Task directions
Return the tail of the records exactly, starting from the line containing "beta_range sel_max (hoffman_error_bound" and ending with the final line.

----- Material for this exercise -----

Lemma ext_sample_rcons_lt K (p : {ffun 'I_K -> B} * B) j : (j < K)%N ->
  ext_sample (ffun_rcons p) j = ext_sample p.1 j.
Proof.
move=> jK; have jK1 : (j < K.+1)%N by rewrite ltnS ltnW.
rewrite /ext_sample (insubT (fun j => j < K.+1)%N jK1) (insubT (fun j => j < K)%N jK).
have -> : Sub j jK1 = lift ord_max (Sub j jK : 'I_K).
  by apply: val_inj; rewrite /= /bump leqNgt jK.
by rewrite /ffun_rcons ffunE liftK.
Qed.

Lemma ext_sample_rcons_last K (p : {ffun 'I_K -> B} * B) :
  ext_sample (ffun_rcons p) K = val p.2.
Proof.
rewrite /ext_sample (insubT (fun j => j < K.+1)%N (ltnSn K)).
have -> : Sub K (ltnSn K) = ord_max :> 'I_K.+1 by apply: val_inj.
by rewrite /ffun_rcons ffunE unlift_none.
Qed.

(* The last sample is uniform and independent of the first [K] ones. *)
Lemma sum_traj_succ K f :
  \sum_(s : {ffun 'I_K.+1 -> B}) f (traj (ext_sample s) K.+1) =
  \sum_(s : {ffun 'I_K -> B}) \sum_(t : B) f (step K (val t) (traj (ext_sample s) K)).
Proof.
rewrite (reindex (@ffun_rcons K)) /=; last first.
  by exists (@ffun_unrcons K) => s _; [exact: ffun_rconsK | exact: ffun_unrconsK].
rewrite pair_bigA; apply: eq_bigr => -[s t] _ /=.
rewrite ext_sample_rcons_last; congr (f (step _ _ _)).
by apply: paskm_traj_ext => j jK; rewrite ext_sample_rcons_lt.
Qed.

Lemma paskm_E_avg K f : E K f =
  (\sum_(s : {ffun 'I_K -> B}) f (traj (ext_sample s) K)) / (#|{: B}| ^ K)%:R.
Proof. by rewrite /paskm_E card_ffun card_ord. Qed.

Lemma paskm_E0 f : E 0 f = f (x0, x0).
Proof.
rewrite paskm_E_avg expn0 divr1 (big_pred1 (@ffun0 _ (fun=> B) (card_ord 0))) //.
by move=> s; apply/esym/eqP/ffunP => -[].
Qed.

Lemma ler_paskm_E K f g : (forall st, f st <= g st) -> E K f <= E K g.
Proof.
by move=> fg; rewrite !paskm_E_avg ler_wpM2r ?invr_ge0 ?ler0n //; apply: ler_sum.
Qed.

Lemma paskm_E_ge0 K f : (forall st, 0 <= f st) -> 0 <= E K f.
Proof. by move=> f0; rewrite paskm_E_avg divr_ge0 ?sumr_ge0. Qed.

Lemma paskm_EZ K (c : R) f : E K (fun st => c * f st) = c * E K f.
Proof. by rewrite !paskm_E_avg -mulr_sumr mulrA. Qed.

Lemma paskm_E_step K f g (w : R) : (0 < #|{: B}|)%N ->
  (forall st, \sum_(t : B) f (step K (val t) st) <= #|{: B}|%:R * (w * g st)) ->
  E K.+1 f <= w * E K g.
Proof.
move=> B0 fg; rewrite !paskm_E_avg sum_traj_succ expnSr natrM.
set N := #|{: B}|%:R; set NK := (#|{: B}| ^ K)%:R.
have N0 : 0 < N by rewrite ltr0n.
have NK0 : 0 < NK by rewrite ltr0n expn_gt0 B0.
have -> : w * ((\sum_(s : {ffun 'I_K -> B}) g (traj (ext_sample s) K)) / NK) =
          N * (w * \sum_(s : {ffun 'I_K -> B}) g (traj (ext_sample s) K)) / (NK * N).
  by field; rewrite (gt_eqF N0) (gt_eqF NK0).
rewrite ler_wpM2r ?invr_ge0 ?(mulr_ge0 (ltW NK0) (ltW N0)) // !mulr_sumr.
by apply: ler_sum => s _; exact: fg.
Qed.

Lemma paskm_E_cvg0 (f g : 'cV[R]_n * 'cV[R]_n -> R) (c w C : R) :
  0 < c -> 0 <= w < 1 -> (forall st, 0 <= f st) -> (forall st, c * f st <= g st) ->
  (forall K, E K g <= w ^+ K * C) -> (fun K => E K f) @ \oo --> 0.
Proof.
move=> c0 w01 f0 fg Eg; apply: (squeeze_geometric (C := C / c)) w01 _ => K.
rewrite paskm_E_ge0 //= mulrAC ler_pdivlMr // mulrC -paskm_EZ.
by rewrite mulrC; apply: le_trans (Eg K); exact: ler_paskm_E.
Qed.

End Expectation.

Definition lyapunov (R : realType) m n (A : 'M[R]_(m, n)) (b : 'cV[R]_m) (c : R)
  (st : 'cV[R]_n * 'cV[R]_n) : R :=
  distP A b st.2 ^+ 2 + c * distP A b st.1 ^+ 2.

Section Descent.
Variables (R : realType) (m n : nat) (A : 'M[R]_(m, n)) (b : 'cV[R]_m).
Hypothesis P_nonempty : exists q, polyhedron A b q.
Hypothesis unit_rows : forall i, \sum_(j < n) A i j ^+ 2 = 1.
Variables (beta : nat) (sel : nat -> {set 'I_m} -> 'cV[R]_n -> 'I_m).
Hypothesis beta_range : (1 <= beta <= m)%N.
Hypothesis sel_max : forall k (tau : {set 'I_m}) y, #|tau| = beta ->
  sel k tau y \in tau /\
  forall i, i \in tau -> pos ((A *m y - b) i 0) <= pos ((A *m y - b) (sel k tau y) 0).
Variables (om gam del c k al mu : R).
Hypotheses (om01 : 0 <= om <= 1) (gam0 : 0 <= gam) (del0 : 0 <= del) (k0 : 0 <= k).
Hypotheses (c_gam : c = gam * k) (c_del : c * (2 * del - del ^+ 2) = gam ^+ 2).
Hypothesis al_k : 1 - al = k * al.
Hypothesis rate_balance : 1 - om + c = (2 * gam + c * om) * mu.
Hypothesis error_bound : forall z, mu * m%:R * distP A b z ^+ 2 <= posres2 A b z.
Local Notation B := (bsubset m beta).
Local Notation d := (distP A b).

Lemma sum_sqr_pos_selected (K : nat) y :
  #|{: B}|%:R * (mu * d y ^+ 2) <= \sum_(t : B) pos ((A *m y - b) (sel K (val t) y) 0) ^+ 2.
Proof.
have [b0 bm] := andP beta_range; have m0 : (0 : R) < m%:R by rewrite ltr0n (leq_trans b0).
rewrite -(ler_pM2l m0) [X in X <= _](_ : _ = #|{: B}|%:R * (mu * m%:R * d y ^+ 2)).
  2: by ring.
apply: le_trans (ler_wpM2l (ler0n _ _) (error_bound y)) _.
apply: (sum_le_sum_bsubset (g := fun i => pos ((A *m y - b) i 0) ^+ 2)
                           (h := fun tau => pos ((A *m y - b) (sel K tau y) 0) ^+ 2)) => //.
move=> tau tb i itau.
have [_ imax] := sel_max K y tb.
by rewrite ler_sqr ?nnegrE ?pos_ge0 ?imax.
Qed.

Lemma paskm_step_contraction K x v :
  \sum_(t : B) lyapunov A b c (paskm_step A b del al om gam sel K (val t) (x, v))
  <= #|{: B}|%:R * (om * lyapunov A b c (x, v)).
Proof.
rewrite /lyapunov /paskm_step /=; set y := al *: v + (1 - al) *: x.
have vy : v - y = k *: (y - x).
  apply/matrixP => i j; rewrite /y !mxE.
  by transitivity ((1 - al) * (v i j - x i j)); [ring | rewrite {1}al_k; ring].
set N := #|{: bsubset m beta}|%:R; have N0 : 0 <= N := ler0n _ _.
have c0 : 0 <= c by rewrite c_gam mulr_ge0.
have [om0 om1] := andP om01; have om1' : 0 <= 1 - om by rewrite subr_ge0.
rewrite [X in _ <= X](_ : _ = N * (c * om * d x ^+ 2) + N * om * d v ^+ 2).
  2: by ring.
apply: (le_sqr_distP P_nonempty (G := N * (c * om * d x ^+ 2)) (w := N * om)).
  exact: mulr_ge0.
move=> qv qv_P.
set G := N * (om * sqnorm (v - qv) + c * om * d x ^+ 2) - N * (1 - om + c) * d y ^+ 2.
rewrite [X in _ <= X](_ : _ = G + N * (1 - om + c) * d y ^+ 2).
  2: by rewrite /G; ring.
apply: (le_sqr_distP P_nonempty (G := G) (w := N * (1 - om + c))).
  exact: mulr_ge0 N0 (addr_ge0 om1' c0).
move=> qy qy_P.
apply: le_trans (ler_sum _ (fun t _ => paskm_step_bound P_nonempty unit_rows om01 gam0 del0 k0
  c_gam c_del (sel K (val t) y) qv_P qy_P vy)) _.
under eq_bigr => t _ do rewrite addrAC.
rewrite sumrB sumr_const -mulr_sumr -[_ *+ #|_|]mulr_natr -/N.
have avg := sum_sqr_pos_selected K y; rewrite -/N in avg.
have := ler_wpM2l (addr_ge0 (mulr_ge0 (ler0n _ 2) gam0) (mulr_ge0 c0 om0)) avg.
(* [rate_balance] makes the [d y ^+ 2] terms cancel. *)
have := congr1 (fun w => N * w * d y ^+ 2) rate_balance.
by rewrite /G; clearbody N y; lra.
Qed.

End Descent.

Definition paskm_rate (R : realType) (mu zeta gamma : R) : R :=
  1 - (zeta * mu ^+ 2 + 2 * gamma * mu - zeta * mu) / (1 + zeta * mu ^+ 2).

Lemma paskm_eta_bounds (R : realType) (delta : R) :
  0 < delta < 2 -> 0 < 2 * delta - delta ^+ 2 <= 1.
Proof. by move=> /andP[d0 d2]; have := sqr_ge0 (delta - 1); rewrite sqrrB; nra. Qed.

Section Rate.
Variables (R : realType) (mu eta zeta gamma : R).
Hypotheses (mu0 : 0 < mu) (zeta0 : 0 < zeta) (gamma0 : 0 < gamma).
Hypothesis sqr_gamma : gamma ^+ 2 = zeta * eta * mu.
Local Notation omega := (paskm_rate mu zeta gamma).

Let den_gt0 : 0 < 1 + zeta * mu ^+ 2.
Proof. by rewrite ltr_wpDr // mulr_ge0 ?sqr_ge0 ?ltW. Qed.

(* [omega < 1] iff [zeta * (1 - mu) < 2 * gamma]; the bound on [zeta] is its square. *)
Lemma paskm_rate_lt1 : (mu < 1 -> zeta < 4 * eta * mu / (1 - mu) ^+ 2) -> omega < 1.
Proof.
move=> zeta_small; rewrite /paskm_rate gtrBl divr_gt0 //.
suff : zeta * (1 - mu) < 2 * gamma by rewrite -subr_gt0 => /(mulr_gt0 mu0); lra.
have [mu1|mu1] := ltrP mu 1; last first.
  have : zeta * (1 - mu) <= 0 by rewrite mulr_ge0_le0 ?(ltW zeta0) // subr_le0.
  by move/le_lt_trans; apply; rewrite mulr_gt0.
have h1m : 0 < (1 - mu) ^+ 2 by rewrite exprn_gt0 // subr_gt0.
have := zeta_small mu1; rewrite ltr_pdivlMr // => hz.
have s0 : 0 <= zeta * (1 - mu) by rewrite mulr_ge0 ?(ltW zeta0) // subr_ge0 ltW.
rewrite -ltr_sqr ?nnegrE ?(mulr_ge0 (ler0n _ 2) (ltW gamma0)) // !exprMn sqr_gamma.
by rewrite -(ltr_pM2l zeta0) in hz; lra.
Qed.

Lemma paskm_rate_ge0 : mu <= 1 -> eta <= 1 -> 0 <= omega.
Proof.
move=> mu1 eta1; rewrite /paskm_rate subr_ge0 ler_pdivrMr // mul1r.
have : gamma ^+ 2 <= zeta * mu.
  by rewrite sqr_gamma -[X in _ <= X]mulr1 mulrAC ler_wpM2l // mulr_ge0 // ltW.
have : 0 <= gamma * (1 - mu) by rewrite mulr_ge0 ?(ltW gamma0) // subr_ge0.
by have := sqr_ge0 (1 - gamma); rewrite sqrrB; lra.
Qed.

Lemma paskm_rate_balance :
  1 - omega + zeta * mu = (2 * gamma + zeta * mu * omega) * mu.
Proof. by rewrite /paskm_rate; field; rewrite gt_eqF. Qed.

End Rate.

Section ContractionInExpectation.
Variables (R : realType) (m n : nat) (A : 'M[R]_(m, n)) (b : 'cV[R]_m).
Hypothesis P_nonempty : exists q, polyhedron A b q.
Hypothesis unit_rows : forall i, \sum_(j < n) A i j ^+ 2 = 1.
Variables (beta : nat) (sel : nat -> {set 'I_m} -> 'cV[R]_n -> 'I_m) (x0 : 'cV[R]_n).
Hypothesis beta_range : (1 <= beta <= m)%N.
Hypothesis sel_max : forall k (tau : {set 'I_m}) y, #|tau| = beta ->
  sel k tau y \in tau /\
  forall i, i \in tau -> pos ((A *m y - b) i 0) <= pos ((A *m y - b) (sel k tau y) 0).
Variables (mu delta eta zeta gamma : R).
Hypothesis error_bound : forall z, mu * m%:R * distP A b z ^+ 2 <= posres2 A b z.
Hypotheses (delta02 : 0 < delta < 2) (zeta0 : 0 < zeta) (gamma0 : 0 < gamma).
Hypothesis eta_def : eta = 2 * delta - delta ^+ 2.
Hypothesis sqr_gamma : gamma ^+ 2 = zeta * eta * mu.
Hypothesis rate01 : 0 <= paskm_rate mu zeta gamma <= 1.
Local Notation omega := (paskm_rate mu zeta gamma).
Local Notation E := (paskm_E A b beta delta (eta / (eta + gamma)) omega gamma sel x0).

Lemma paskm_E_contraction K :
  E K.+1 (lyapunov A b (zeta * mu)) <= omega * E K (lyapunov A b (zeta * mu)).
Proof.
have /andP[eta0 _] := paskm_eta_bounds delta02; rewrite -eta_def in eta0.
apply: paskm_E_step => [|[x v]]; first by apply: card_bsubset_gt0; case/andP: beta_range.
apply: (paskm_step_contraction P_nonempty unit_rows beta_range sel_max
         (k := gamma / eta) (mu := mu)) => //.
- exact: ltW.
- by case/andP: delta02 => /ltW.
- exact: divr_ge0 (ltW gamma0) (ltW eta0).
- by rewrite mulrA -expr2 sqr_gamma; field; rewrite gt_eqF.
- by rewrite -eta_def sqr_gamma; ring.
- by field; rewrite (gt_eqF eta0) (gt_eqF (addr_gt0 eta0 gamma0)).
- exact: paskm_rate_balance.
Qed.

End ContractionInExpectation.

Theorem theorem8 (R : realType) (m n : nat)
  (A : 'M[R]_(m, n)) (b : 'cV[R]_m) (beta : nat) (L : R)
  (delta zeta : R) (x0 : 'cV[R]_n)
  (sel : nat -> {set 'I_m} -> 'cV[R]_n -> 'I_m) :
  (forall i : 'I_m, \sum_(j < n) (A i j) ^+ 2 = 1) ->
  (exists x : 'cV[R]_n, polyhedron A b x) ->
  (1 <= beta <= m)%N ->
  0 < L ->
  (forall x : 'cV[R]_n, distP A b x ^+ 2 <= L ^+ 2 * posres2 A b x) ->
  (* i*_k is a maximizer of (a_i^T y - b_i)^+ over tau_k *)
  (forall k (tau : {set 'I_m}) (y : 'cV[R]_n), #|tau| = beta ->
     sel k tau y \in tau /\
     forall i, i \in tau ->
       pos ((A *m y - b) i 0) <= pos ((A *m y - b) (sel k tau y) 0)) ->
  0 < delta < 2 ->
  let mu1 := (m%:R * L ^+ 2)^-1 in
  let eta := 2 * delta - delta ^+ 2 in
  0 < zeta ->
  (mu1 < 1 -> zeta < 4 * eta * mu1 / (1 - mu1) ^+ 2) ->
  let gamma := Num.sqrt (zeta * eta * mu1) in
  let alpha := eta / (eta + gamma) in
  let omega := 1 - (zeta * mu1 ^+ 2 + 2 * gamma * mu1 - zeta * mu1)
                   / (1 + zeta * mu1 ^+ 2) in
  let E := paskm_E A b beta delta alpha omega gamma sel x0 in
  let d := distP A b in
  (* linear rate omega < 1 *)
  omega < 1 /\
  (* convergence: E d(x_k,P)^2 -> 0 and E d(v_k,P)^2 -> 0 *)
  (fun k => E k (fun st => d st.1 ^+ 2)) @ \oo --> (0 : R) /\
  (fun k => E k (fun st => d st.2 ^+ 2)) @ \oo --> (0 : R) /\
  (forall k : nat,
     E k.+1 (fun st => d st.2 ^+ 2 + zeta * mu1 * d st.1 ^+ 2)
       <= omega ^+ k.+1 * E 0%N (fun st => d st.2 ^+ 2 + zeta * mu1 * d st.1 ^+ 2)) /\
  E 0%N (fun st => d st.2 ^+ 2 + zeta * mu1 * d st.1 ^+ 2)
    = (1 + zeta * mu1) * d x0 ^+ 2.
Proof.
move=> unit_rows P_nonempty beta_range L0 hoffman sel_max delta02 mu1 eta zeta0
  zeta_small gamma alpha omega E d.
have m0 : (0 < m)%N by case/andP: beta_range => b0 bm; exact: leq_trans bm.
have mL0 : 0 < m%:R * L ^+ 2 by rewrite mulr_gt0 ?ltr0n ?exprn_gt0.
have mu0 : 0 < mu1 by rewrite invr_gt0.
have mu_le1 : mu1 <= 1 by rewrite invf_le1 // (hoffman_constant_ge P_nonempty).
have /andP[eta0 eta1] := paskm_eta_bounds delta02.
have gamma0 : 0 < gamma by rewrite sqrtr_gt0 !mulr_gt0.
have sqr_gamma : gamma ^+ 2 = zeta * eta * mu1 by rewrite sqr_sqrtr // ltW // !mulr_gt0.
have omega1 : omega < 1 := paskm_rate_lt1 mu0 zeta0 gamma0 sqr_gamma zeta_small.
have omega0 : 0 <= omega := paskm_rate_ge0 mu0 zeta0 gamma0 sqr_gamma mu_le1 eta1.
have omega01 : 0 <= omega < 1 by rewrite omega0.
have rate01 : 0 <= omega <= 1 by rewrite omega0 ltW.
have decay := geometric_decay omega0 (paskm_E_contraction P_nonempty unit_rows x0
  beta_range sel_max (hoffman_error_bound hoffman m0 L0) delta02 zeta0 gamma0
  (erefl _) sqr_gamma rate01).
split=> //; split; [|split; [|split=> //]].
- apply: (paskm_E_cvg0 (mulr_gt0 zeta0 mu0) omega01 _ _ decay) => st.
    exact: sqr_ge0.
  by rewrite lerDr sqr_ge0.
- apply: (paskm_E_cvg0 ltr01 omega01 _ _ decay) => st; first exact: sqr_ge0.
  by rewrite mul1r lerDl mulr_ge0 ?sqr_ge0 // ltW // mulr_gt0.
- by rewrite /E paskm_E0 /=; ring.
Qed.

-----

Written answer
  beta_range sel_max (hoffman_error_bound hoffman m0 L0) delta02 zeta0 gamma0
  (erefl _) sqr_gamma rate01).
split=> //; split; [|split; [|split=> //]].
- apply: (paskm_E_cvg0 (mulr_gt0 zeta0 mu0) omega01 _ _ decay) => st.
    exact: sqr_ge0.
  by rewrite lerDr sqr_ge0.
- apply: (paskm_E_cvg0 ltr01 omega01 _ _ decay) => st; first exact: sqr_ge0.
  by rewrite mul1r lerDl mulr_ge0 ?sqr_ge0 // ltW // mulr_gt0.
- by rewrite /E paskm_E0 /=; ring.
Qed.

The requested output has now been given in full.